Measuring Improvement in Volleyball (Critical Thinking)

Even the most data driven coaches will likely have a hard time measuring improvement over time in volleyball. This is due to the cyclical nature of volleyball and the interplay of different skills over the course of every rally.

A player could receive serve at 55% perfect & good in a week of practice in September and she receives 65% in a week of practice in January. Some would say that 10% is a lot better… But can you say that that player is actually better?

What about if you have a player receiving 55% in September and she receives 55% in January? As a coach, you failed to make that athlete improve her reception in the past four months?

In both cases I don’t think the answer is very obvious.

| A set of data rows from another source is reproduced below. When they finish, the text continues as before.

(* Let $\beta=1$, $\gamma>2$ and $G\in\mathcal S_{Rob}(\mathbb R^* )$. Then $$\lim_{n\to\infty}\Big\{G_+'(0)\sum_{x=0}^{\infty}G(\tfrac xn)\sum_{r=x+1}^{\infty}r\,p(r)+G_-'(0)\sum_{x=-\infty}^{-1}G(\tfrac xn)\sum_{r=-\infty}^{x}r\,p(r)\Big\}=\frac{\kappa_\gamma}{\hat\alpha}[\nabla_{\beta,\gamma}G(0)]^2,$$ where $\nabla_{\beta,\gamma}G(0)=G_+'(0)$.
   Context: Fix $\gamma>2$ and $\alpha>0$. Let $p(0)=0$, $p(x)=c_\gamma|x|^{-\gamma-1}$ ($x\ne0$), with $c_\gamma$ the constant making $\sum_xp(x)=1$. Let $m=\sum_{x\ge1}xp(x)$, $\sigma^2=\sum_xx^2p(x)$, $\kappa_\gamma=\sigma^2/2$, $\hat\alpha=\alpha m/\kappa_\gamma=2\alpha m/\sigma^2$. $\mathcal S_{Rob}(\mathbb R^* )$ is the space of functions $G=\mathbb 1_{\{u<0\}}G_-+\mathbb 1_{\{u\ge0\}}G_+$ with $G_\pm$ Schwartz functions satisfying $G_-^{(2k+1)}(0)=G_+^{(2k+1)}(0)=\hat\alpha[G_+^{(2k)}(0)-G_-^{(2k)}(0)]$ for all $k\ge0$; $\nabla_{\beta,\gamma}G$ is the piecewise first derivative ($G_-'$ on $(-\infty,0)$, $G_+'$ on $[0,\infty)$). *)

From Stdlib Require Import Reals ZArith.
From Coquelicot Require Import Coquelicot.
Open Scope R_scope.

Definition pw (gamma : R) (x : Z) : R :=
  if Z.eq_dec x 0 then 0 else Rpower (IZR (Z.abs x)) (- gamma - 1).

(* c_gamma : normalizes sum_{x in Z} p(x) = 1; the sum over Z is split into
   x >= 1 and x <= -1 (p(0) = 0). *)
Definition c_gamma (gamma : R) : R :=
  / (Series (fun k : nat => pw gamma (Z.of_nat k + 1)%Z)
     + Series (fun k : nat => pw gamma (- (Z.of_nat k + 1))%Z)).

Definition p (gamma : R) (x : Z) : R := c_gamma gamma * pw gamma x.

Definition m_mean (gamma : R) : R :=
  Series (fun k : nat => IZR (Z.of_nat k + 1) * p gamma (Z.of_nat k + 1)%Z).

Definition sigma2 (gamma : R) : R :=
  Series (fun k : nat => (IZR (Z.of_nat k + 1))^2 * p gamma (Z.of_nat k + 1)%Z)
  + Series (fun k : nat => (IZR (- (Z.of_nat k + 1)))^2 * p gamma (- (Z.of_nat k + 1))%Z).

Definition kappa (gamma : R) : R := sigma2 gamma / 2.

Definition alpha_hat (alpha gamma : R) : R := alpha * m_mean gamma / kappa gamma.

Definition schwartz (f : R -> R) : Prop :=
  (forall (k : nat) (x : R), ex_derive_n f k x) /\
  (forall (k j : nat), exists C : R, forall x : R,
      Rabs (x ^ j * Derive_n f k x) <= C).

Definition glue (Gm Gp : R -> R) (u : R) : R :=
  if Rlt_dec u 0 then Gm u else Gp u.

(* G in S_Rob(R^star), given by its pieces G_-, G_+ *)
Definition S_Rob (ahat : R) (Gm Gp : R -> R) : Prop :=
  schwartz Gm /\ schwartz Gp /\
  forall k : nat,
    Derive_n Gm (2 * k + 1) 0 = ahat * (Derive_n Gp (2 * k) 0 - Derive_n Gm (2 * k) 0) /\
    Derive_n Gp (2 * k + 1) 0 = ahat * (Derive_n Gp (2 * k) 0 - Derive_n Gm (2 * k) 0).

From Stdlib Require Import Reals ZArith Lra Lia.
From Coquelicot Require Import Coquelicot.
Open Scope R_scope.

(* The inner sums are the tails T_k = sum_{r > k} r p(r) of the first moment (with a minus
   sign on the left), so the expression is
     G_+'(0) sum_k G(k/n) T_k - G_-'(0) sum_k G(-(k+1)/n) T_k.
   Summing by parts, sum_k T_k = sum_{r >= 1} r^2 p(r) = kappa, which is finite because
   gamma > 2. Since G is bounded and G(k/n) -> G_+(0), G(-(k+1)/n) -> G_-(0), dominated
   convergence for series gives the limit kappa (G_+'(0) G_+(0) - G_-'(0) G_-(0)); the Robin
   condition at order 0, G_-'(0) = G_+'(0) = alpha_hat (G_+(0) - G_-(0)), turns it into
   kappa / alpha_hat * G_+'(0)^2. *)

Lemma Series_nonneg (a : nat -> R) :
  (forall k, 0 <= a k) -> ex_series a -> 0 <= Series a.
Proof.
  intros Ha Hex.
  replace 0 with (Series (fun _ => 0 * 0)) by (rewrite Series_scal_l; ring).
  apply Series_le; [intros k; rewrite Rmult_0_l; split; [lra | apply Ha] | exact Hex].
Qed.

Lemma Series_pos (a : nat -> R) :
  (forall k, 0 <= a k) -> 0 < a 0%nat -> ex_series a -> 0 < Series a.
Proof.
  intros Ha H0 Hex. rewrite Series_incr_1 by exact Hex.
  assert (0 <= Series (fun k => a (S k))).
  { apply Series_nonneg; [intros; apply Ha | now apply (ex_series_incr_1 a)]. }
  lra.
Qed.

Lemma ex_series_bounded_sum_n (a : nat -> R) (M : R) :
  (forall k, 0 <= a k) -> (forall N, sum_n a N <= M) -> ex_series a.
Proof.
  intros Ha HM.
  destruct (ex_finite_lim_seq_incr (sum_n a) M) as [l Hl]; [| exact HM | now exists l].
  intros N. rewrite sum_Sn. specialize (Ha (S N)). unfold plus; simpl. lra.
Qed.

Lemma Rpower_neg_succ_le (s x : R) : 1 < s -> 0 < x ->
  Rpower (x + 1) (- s) <= (Rpower x (1 - s) - Rpower (x + 1) (1 - s)) / (s - 1).
Proof.
  intros Hs Hx.
  destruct (MVT_gen (fun y => Rpower y (1 - s)) x (x + 1)
              (fun y => (1 - s) * Rpower y (- s))) as [c [Hc Heq]].
  - intros y Hy. rewrite Rmin_left, Rmax_right in Hy by lra.
    apply is_derive_Reals. replace (- s) with (1 - s - 1) by ring.
    apply derivable_pt_lim_power. lra.
  - intros y Hy. rewrite Rmin_left, Rmax_right in Hy by lra.
    apply derivable_continuous_pt. exists ((1 - s) * Rpower y (1 - s - 1)).
    apply derivable_pt_lim_power. lra.
  - rewrite Rmin_left, Rmax_right in Hc by lra.
    assert (Hmono : Rpower (x + 1) (- s) <= Rpower c (- s)).
    { rewrite !Rpower_Ropp. apply Rinv_le_contravar; [apply exp_pos |].
      apply Rle_Rpower_l; lra. }
    apply Rmult_le_reg_r with (s - 1); [lra |].
    unfold Rdiv. rewrite Rmult_assoc, Rinv_l, Rmult_1_r by lra.
    replace (x + 1 - x) with 1 in Heq by ring. nra.
Qed.

Lemma ex_series_Rpower_neg (s : R) : 1 < s ->
  ex_series (fun k => Rpower (INR k + 1) (- s)).
Proof.
  intros Hs. apply ex_series_incr_1.
  set (u k := Rpower (INR k + 1) (1 - s)).
  assert (Hterm : forall k, Rpower (INR (S k) + 1) (- s) <= (u k - u (S k)) / (s - 1)).
  { intros k. unfold u. rewrite S_INR.
    apply Rpower_neg_succ_le; [lra | generalize (pos_INR k); lra]. }
  assert (Htelescope : forall N, sum_n (fun k => Rpower (INR (S k) + 1) (- s)) N
                                 <= (u 0%nat - u (S N)) / (s - 1)).
  { induction N as [| N IH].
    - rewrite sum_O. apply Hterm.
    - rewrite sum_Sn. unfold plus; cbn -[INR Rpower sum_n].
      specialize (Hterm (S N)).
      replace ((u 0%nat - u (S (S N))) / (s - 1))
        with ((u 0%nat - u (S N)) / (s - 1) + (u (S N) - u (S (S N))) / (s - 1))
        by (field; lra).
      lra. }
  apply ex_series_bounded_sum_n with (u 0%nat / (s - 1)).
  - intros k. left. apply exp_pos.
  - intros N. eapply Rle_trans; [apply Htelescope |].
    assert (0 < u (S N)) by apply exp_pos.
    apply Rmult_le_compat_r; [left; apply Rinv_0_lt_compat |]; lra.
Qed.

Lemma is_lim_seq_Series_tail (a : nat -> R) :
  ex_series a -> is_lim_seq (fun N => Series (fun k => a (S N + k)%nat)) 0.
Proof.
  intros Hex.
  apply is_lim_seq_ext with (fun N => Series a - sum_n a N).
  { intros N. rewrite (Series_incr_n a (S N)), sum_n_Reals by (lia || exact Hex). simpl. ring. }
  replace (Finite 0) with (Rbar_minus (Series a) (Series a)) by (simpl; f_equal; ring).
  apply is_lim_seq_minus'; [apply is_lim_seq_const | apply Series_correct, Hex].
Qed.

Lemma is_lim_seq_sum_n_null (u : nat -> nat -> R) (N : nat) :
  (forall k, is_lim_seq (fun n => u n k) 0) -> is_lim_seq (fun n => sum_n (u n) N) 0.
Proof.
  intros Hu. induction N as [| N IH].
  - apply is_lim_seq_ext with (fun n => u n 0%nat); [intros n; now rewrite sum_O | apply Hu].
  - apply is_lim_seq_ext with (fun n => sum_n (u n) N + u n (S N)).
    { intros n. now rewrite sum_Sn. }
    replace (Finite 0) with (Rbar_plus 0 0) by (simpl; f_equal; ring).
    apply is_lim_seq_plus'; [exact IH | apply Hu].
Qed.

Lemma is_lim_seq_Series_dominated_null (h : nat -> nat -> R) (a : nat -> R) (D : R) :
  (forall k, 0 <= a k) -> ex_series a -> (forall n k, Rabs (h n k) <= D) ->
  (forall k, is_lim_seq (fun n => h n k) 0) ->
  is_lim_seq (fun n => Series (fun k => h n k * a k)) 0.
Proof.
  intros Ha Hex Hh Hlim.
  set (tail N := Series (fun k => a (S N + k)%nat)).
  assert (Hex_abs : forall n, ex_series (fun k => Rabs (h n k * a k))).
  { intros n. apply (@ex_series_le R_AbsRing R_CompleteNormedModule _ (fun k => D * a k)).
    - intros k. unfold norm; simpl; unfold abs; simpl.
      rewrite Rabs_Rabsolu, Rabs_mult, (Rabs_pos_eq (a k)) by apply Ha.
      apply Rmult_le_compat_r; [apply Ha | apply Hh].
    - now apply (ex_series_scal_l D a). }
  assert (Hsplit : forall n N, Rabs (Series (fun k => h n k * a k))
                    <= sum_n (fun k => Rabs (h n k) * a k) N + D * tail N).
  { intros n N. eapply Rle_trans; [apply Series_Rabs, Hex_abs |].
    rewrite (Series_incr_n _ (S N)), <- sum_n_Reals by (lia || apply Hex_abs). simpl.
    apply Rplus_le_compat.
    - right. apply sum_n_ext. intros k. rewrite Rabs_mult, (Rabs_pos_eq (a k)) by apply Ha. reflexivity.
    - unfold tail. rewrite <- Series_scal_l. apply Series_le.
      + intros k. split; [apply Rabs_pos |].
        rewrite Rabs_mult, (Rabs_pos_eq (a _)) by apply Ha.
        apply Rmult_le_compat_r; [apply Ha | apply Hh].
      + apply (ex_series_scal_l D (fun k => a (S N + k)%nat)). now apply (ex_series_incr_n a (S N)). }
  apply is_lim_seq_spec. intros eps.
  assert (Htail : is_lim_seq (fun N => D * tail N) 0).
  { replace (Finite 0) with (Rbar_mult D 0) by (simpl; f_equal; ring).
    apply is_lim_seq_scal_l, is_lim_seq_Series_tail, Hex. }
  assert (Heps2 : 0 < eps / 2) by (generalize (cond_pos eps); lra).
  destruct (proj2 (is_lim_seq_spec _ _) Htail (mkposreal _ Heps2)) as [N HN].
  specialize (HN N (le_n N)). simpl in HN. rewrite Rminus_0_r in HN.
  assert (Hhead : is_lim_seq (fun n => sum_n (fun k => Rabs (h n k) * a k) N) 0).
  { apply is_lim_seq_sum_n_null. intros k.
    replace (Finite 0) with (Rbar_mult 0 (a k)) by (simpl; f_equal; ring).
    apply is_lim_seq_scal_r, (proj1 (is_lim_seq_abs_0 _)), Hlim. }
  eapply filter_imp; [| exact (proj2 (is_lim_seq_spec _ _) Hhead (mkposreal _ Heps2))].
  intros n Hn. simpl in Hn. rewrite Rminus_0_r in *.
  specialize (Hsplit n N).
  generalize (Rle_abs (D * tail N)) (Rle_abs (sum_n (fun k => Rabs (h n k) * a k) N)). lra.
Qed.

Lemma is_lim_seq_Series_dominated (g : nat -> nat -> R) (a : nat -> R) (C L : R) :
  (forall k, 0 <= a k) -> ex_series a -> (forall n k, Rabs (g n k) <= C) ->
  (forall k, is_lim_seq (fun n => g n k) L) ->
  is_lim_seq (fun n => Series (fun k => g n k * a k)) (L * Series a).
Proof.
  intros Ha Hex Hg Hlim.
  assert (Hsplit : forall n, Series (fun k => g n k * a k)
                             = Series (fun k => (g n k - L) * a k) + L * Series a).
  { intros n. rewrite <- Series_scal_l, <- Series_plus.
    - apply Series_ext. intros k. ring.
    - apply ex_series_Rabs.
      apply (@ex_series_le R_AbsRing R_CompleteNormedModule _ (fun k => (C + Rabs L) * a k)).
      + intros k. unfold norm; simpl; unfold abs; simpl.
        rewrite Rabs_Rabsolu, Rabs_mult, (Rabs_pos_eq (a k)) by apply Ha.
        apply Rmult_le_compat_r; [apply Ha |].
        unfold Rminus. eapply Rle_trans; [apply Rabs_triang |].
        rewrite Rabs_Ropp. apply Rplus_le_compat_r, Hg.
      + now apply (ex_series_scal_l (C + Rabs L) a).
    - now apply (ex_series_scal_l L a). }
  apply is_lim_seq_ext with (fun n => Series (fun k => (g n k - L) * a k) + L * Series a).
  { intros n. now rewrite Hsplit. }
  replace (Finite (L * Series a)) with (Rbar_plus 0 (L * Series a)) by (simpl; f_equal; ring).
  apply is_lim_seq_plus'; [| apply is_lim_seq_const].
  apply is_lim_seq_Series_dominated_null with (C + Rabs L); [exact Ha | exact Hex | |].
  - intros n k. unfold Rminus. eapply Rle_trans; [apply Rabs_triang |].
    rewrite Rabs_Ropp. apply Rplus_le_compat_r, Hg.
  - intros k. replace (Finite 0) with (Rbar_minus L L) by (simpl; f_equal; ring).
    apply is_lim_seq_minus'; [apply Hlim | apply is_lim_seq_const].
Qed.

Lemma is_series_Series_tails (b : nat -> R) :
  (forall k, 0 <= b k) -> ex_series (fun k => (INR k + 1) * b k) ->
  is_series (fun k => Series (fun j => b (k + j)%nat)) (Series (fun k => (INR k + 1) * b k)).
Proof.
  intros Hb Hex1.
  set (T k := Series (fun j => b (k + j)%nat)).
  set (B k := (INR k + 1) * b k).
  assert (HexB : ex_series b).
  { apply (@ex_series_le R_AbsRing R_CompleteNormedModule _ B); [| exact Hex1].
    intros k. unfold norm; simpl; unfold abs; simpl. unfold B.
    rewrite Rabs_pos_eq by apply Hb. generalize (Hb k) (pos_INR k). nra. }
  assert (Hex_shift : forall k, ex_series (fun j => b (k + j)%nat)).
  { intros k. now apply (ex_series_incr_n b k). }
  assert (HT_nonneg : forall k, 0 <= T k).
  { intros k. apply Series_nonneg; [intros j; apply Hb | apply Hex_shift]. }
  assert (HT_succ : forall k, T k = b k + T (S k)).
  { intros k. unfold T. rewrite Series_incr_1 by apply Hex_shift.
    rewrite Nat.add_0_r. f_equal. apply Series_ext. intros j. f_equal. lia. }
  assert (Hsum : forall N, sum_n T N = sum_n B N + (INR N + 1) * T (S N)).
  { induction N as [| N IH].
    - rewrite !sum_O, HT_succ. unfold B. simpl. ring.
    - rewrite !sum_Sn, IH, (HT_succ (S N)). unfold B. rewrite S_INR. unfold plus; simpl. ring. }
  assert (Hlast : forall N, (INR N + 1) * T (S N) <= Series (fun j => B (S N + j)%nat)).
  { intros N. unfold T. rewrite <- Series_scal_l. apply Series_le.
    - intros j. generalize (Hb (S N + j)%nat) (pos_INR N). split; [nra |].
      unfold B. rewrite plus_INR, S_INR. generalize (pos_INR j). nra.
    - now apply (ex_series_incr_n B (S N)). }
  change (is_lim_seq (sum_n T) (Series B)).
  apply is_lim_seq_le_le with (sum_n B) (fun _ => Series B).
  - intros N. rewrite Hsum. split.
    + generalize (HT_nonneg (S N)) (pos_INR N). nra.
    + rewrite (Series_incr_n B (S N)), <- sum_n_Reals by (lia || exact Hex1).
      apply Rplus_le_compat_l, Hlast.
  - apply Series_correct, Hex1.
  - apply is_lim_seq_const.
Qed.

In the second example, the receiver might be a lot better but your servers in practice are a lot better too. So, statistically, not only is your receiver the same, but so are your servers. But! Both are actually better. The servers are creating more difficult serves and the receiver is better able to handle those serves. So it seems like neither are better.

In the first example, it seems more obvious, that yes, your receiver is much improved because if the servers are the same she has a 10% improvement and if the servers are better than she has a better than 10% improvement rate. But if the servers are, in September, forcing bad receptions 45% of the time then, in January, they are only forcing bad receptions 35% of the time it seems like the servers are worse!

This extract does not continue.